Task: From the records below, transcribe exactly the lines that begin at the line with "fold N; field; lra)." and end at the line with "split; [now apply", both included.

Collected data
● ● ● ●

(* The step is c lambda s, where s lies in the slice and lambda is a coefficient of
   the absolutely convex combination approximating the direction of x - y. *)
Lemma lush_stretched_step {X : NormedSpace} (T : X -> X) (eps eta : R) :
  lush X -> lip_norm_is T 1 -> 0 < eps < 1 -> eta <= 1 ->
  (1 - eta) + eps <= (1 - eps) * (1 - eps) ->
  exists (g : X -> R) (u a : X) (K : R),
    in_dual X g /\ (forall x, Rabs (g x) <= vnorm x) /\
    vnorm u <= K /\ (1 - eps) * K <= g u /\
    (1 - eta) * K < Rabs (g (vsub (T (vadd a u)) (T a))).
Proof.
  intros Hlush HL Heps Heta Hpar.
  pose proof (lip_norm_one_bound T HL) as Hnonexp.
  destruct (lip_norm_one_almost_attained T eps HL (proj1 Heps)) as [x [y [Hxy Hstretch]]].
  set (c := vnorm (vsub x y)) in *. set (N := vnorm (vsub (T x) (T y))) in *.
  assert (Hc : 0 < c) by (apply vnorm_sub_pos, Hxy).
  assert (HN : 0 < N) by nra.
  set (v := vscal (/ c) (vsub x y)). set (z := vscal (/ N) (vsub (T x) (T y))).
  assert (Hv : vnorm v = 1)
    by (unfold v; rewrite vnorm_scal, Rabs_pos_eq by (apply Rlt_le, Rinv_0_lt_compat; lra);
        fold c; field; lra).
  assert (Hz : vnorm z = 1)
    by (unfold z; rewrite vnorm_scal, Rabs_pos_eq by (apply Rlt_le, Rinv_0_lt_compat; lra);
        fold N; field; lra).
  destruct (Hlush v z Hv Hz eps (proj1 Heps))
    as [g [[Hg Hg1] [[_ Hgz] [a0 [[l [Hl [Hsum ->]]] Hdist]]]]].
  pose proof (dual_bound Hg Hg1) as Hgb.
  assert (Hgxy : (1 - eta) * c + c * eps <= g (vsub (T x) (T y))).
  { assert (E : g (vsub (T x) (T y)) = N * g z)
      by (unfold z; rewrite (lin_scal Hg); field; lra).
    assert (N * (1 - eps) < N * g z) by (apply Rmult_lt_compat_l; lra).
    assert ((1 - eps) * c * (1 - eps) <= N * (1 - eps)) by (apply Rmult_le_compat_r; lra).
    nra. }
  assert (Hnear : vnorm (vsub x (vadd y (vscal c (lincomb l)))) < c * eps).
  { assert (Hx : x = vadd y (vscal c v)).
    { unfold v. rewrite vscal_assoc, Rinv_r, vscal_1, vadd_comm by lra.
      symmetry. apply vsub_add_cancel. }
    rewrite Hx at 1. rewrite vsub_add2, <- vscal_sub, vnorm_scal, Rabs_pos_eq by lra.
    apply Rmult_lt_compat_l; assumption. }
  destruct (some_step_is_large T g x y c eps eta l Hnonexp Hg Hgb Hc Heta Hsum Hnear Hgxy)
    as [[lam s] [a [Hin Hbig]]]; simpl in Hbig.
  destruct (Hl _ Hin) as [Hs1 Hgs]; simpl in Hs1, Hgs.
  (* flip the sign of g so that it sees the step c lambda s positively *)
  destruct (exists_sign lam) as [rho [Hrho Hrl]].
  assert (HK : 0 <= c * Rabs lam) by (apply Rmult_le_pos; [lra | apply Rabs_pos]).
  exists (fun z => rho * g z), (vscal (c * lam) s), a, (c * Rabs lam).
  split; [now apply in_dual_scale|]. split; [|split; [|split]].
  - intro u. rewrite Rabs_mult, Hrho, Rmult_1_l. apply Hgb.
  - rewrite vnorm_scal, Rabs_mult, (Rabs_pos_eq c) by lra.
    pose proof (Rmult_le_compat_l _ _ _ HK Hs1). lra.
  - rewrite (lin_scal Hg).
    replace (rho * (c * lam * g s)) with (c * Rabs lam * g s) by (rewrite <- Hrl; ring).
    assert (Hgs1 : 1 - eps <= g s) by lra.
    pose proof (Rmult_le_compat_l _ _ _ HK Hgs1). lra.
  - rewrite Rabs_mult, Hrho, Rmult_1_l, <- Rmult_assoc. exact Hbig.
Qed.

(* The main inequality: on a nontrivial lush space every T with ||T||_L = 1 has omega(T) >= 1.
   With e = 1 - w > 0, the choice t = eta = e/4, eps = e^2/64 makes large_step_bound fail. *)
Lemma omega_ge_one {X : NormedSpace} (T : X -> X) (w : R) :
  lush X -> (exists x : X, x <> vzero) -> lip_norm_is T 1 -> omega_is T w -> 1 <= w.
Proof.
  intros Hlush Hnt HL Hw.
  pose proof (omega_nonneg T w Hnt Hw) as Hw0.
  apply Rnot_lt_le. intro Hlt.
  set (e := 1 - w). set (t := e / 4). set (eps := e * e / 64).
  assert (He : 0 < e <= 1) by (unfold e; lra).
  assert (Ht : 0 < t <= 1) by (unfold t; lra).
  assert (Heps : 0 < eps < 1) by (unfold eps; nra).
  assert (Hpar : (1 - t) + eps <= (1 - eps) * (1 - eps)) by (unfold t, eps; nra).
  destruct (lush_stretched_step T eps t Hlush HL Heps (proj2 Ht) Hpar)
    as [g [u [a [K [Hg [Hgb [Hu [Hgu Hbig]]]]]]]].
  pose proof (large_step_bound T w eps t t K g a u (lip_norm_one_bound T HL)
                (fun f d b Hf => omega_norming_bound T w f b d Hw Hf)
                Hw0 (proj1 Ht) (proj1 Ht) Hg Hgb Hu Hgu Hbig) as Hfinal.
  assert (Hw_e : w = 1 - e) by (unfold e; ring).
  rewrite Hw_e in Hfinal. unfold t, eps in Hfinal. clearbody e.
  assert (0 < e * e * e) by (apply Rmult_lt_0_compat; nra).
  nra.
Qed.

Lemma identity_lip_norm {X : NormedSpace} :
  (exists x : X, x <> vzero) -> lip_norm_is (fun x : X => x) 1.
Proof.
  intros [x0 Hx0]. split.
  - intros r [x [y [Hxy ->]]]. pose proof (vnorm_sub_pos x y Hxy).
    unfold Rdiv. rewrite Rinv_r by lra. lra.
  - intros b Hb. apply Hb. exists x0, vzero. split; [exact Hx0|].
    pose proof (vnorm_sub_pos x0 vzero Hx0). unfold Rdiv. rewrite Rinv_r by lra. reflexivity.
Qed.

Lemma identity_omega {X : NormedSpace} :
  (exists x : X, x <> vzero) -> omega_is (fun x : X => x) 1.
Proof.
  intros [x0 Hx0].
  assert (Hval : forall (x y : X) (F : X -> R), x <> y -> in_D (vsub x y) F ->
            Rabs (F (vsub x y)) / vnorm (vsub x y) ^ 2 = 1).
  { intros x y F Hxy [_ [c [_ [H1 H2]]]]. rewrite H1, H2.
    pose proof (vnorm_sub_pos x y Hxy).
    rewrite Rabs_pos_eq by (apply pow_le; lra). field. lra. }
  split.
  - intros r [x [y [F [Hxy [HF ->]]]]]. rewrite (Hval x y F Hxy HF). lra.
  - intros b Hb. destruct (norming_functional_exists (vsub x0 vzero)) as [f Hf].
    assert (HF : in_D (vsub x0 vzero) (fun x => vnorm (vsub x0 vzero) * f x))
      by (apply norming_in_D; [exact Hf | rewrite vsub_0r; exact Hx0]).
    rewrite <- (Hval x0 vzero _ Hx0 HF). apply Hb.
    exists x0, vzero, (fun x => vnorm (vsub x0 vzero) * f x). auto.
Qed.

Theorem theorem2p7 (X : NormedSpace) (Hcomplete : complete X)
  (Hnontriv : exists x : X, x <> vzero) (Hlush : lush X) :
  nonlinear_numerical_index_is X 1.
Proof.
  split.
  - intros w [T [_ [HL Hw]]]. exact (omega_ge_one T w Hlush Hnontriv HL Hw).
  - intros b Hb. apply Hb. exists (fun x => x). split; [|split].
    + split; [reflexivity|]. exists 1. intros x y. lra.
    + exact (identity_lip_norm Hnontriv).
    + exact (identity_omega Hnontriv).
Qed.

● ● ● ●

Written response:
        fold N; field; lra).
  destruct (Hlush v z Hv Hz eps (proj1 Heps))
    as [g [[Hg Hg1] [[_ Hgz] [a0 [[l [Hl [Hsum ->]]] Hdist]]]]].
  pose proof (dual_bound Hg Hg1) as Hgb.
  assert (Hgxy : (1 - eta) * c + c * eps <= g (vsub (T x) (T y))).
  { assert (E : g (vsub (T x) (T y)) = N * g z)
      by (unfold z; rewrite (lin_scal Hg); field; lra).
    assert (N * (1 - eps) < N * g z) by (apply Rmult_lt_compat_l; lra).
    assert ((1 - eps) * c * (1 - eps) <= N * (1 - eps)) by (apply Rmult_le_compat_r; lra).
    nra. }
  assert (Hnear : vnorm (vsub x (vadd y (vscal c (lincomb l)))) < c * eps).
  { assert (Hx : x = vadd y (vscal c v)).
    { unfold v. rewrite vscal_assoc, Rinv_r, vscal_1, vadd_comm by lra.
      symmetry. apply vsub_add_cancel. }
    rewrite Hx at 1. rewrite vsub_add2, <- vscal_sub, vnorm_scal, Rabs_pos_eq by lra.
    apply Rmult_lt_compat_l; assumption. }
  destruct (some_step_is_large T g x y c eps eta l Hnonexp Hg Hgb Hc Heta Hsum Hnear Hgxy)
    as [[lam s] [a [Hin Hbig]]]; simpl in Hbig.
  destruct (Hl _ Hin) as [Hs1 Hgs]; simpl in Hs1, Hgs.
  (* flip the sign of g so that it sees the step c lambda s positively *)
  destruct (exists_sign lam) as [rho [Hrho Hrl]].
  assert (HK : 0 <= c * Rabs lam) by (apply Rmult_le_pos; [lra | apply Rabs_pos]).
  exists (fun z => rho * g z), (vscal (c * lam) s), a, (c * Rabs lam).
  split; [now apply in_dual_scale|]. split; [|split; [|split]].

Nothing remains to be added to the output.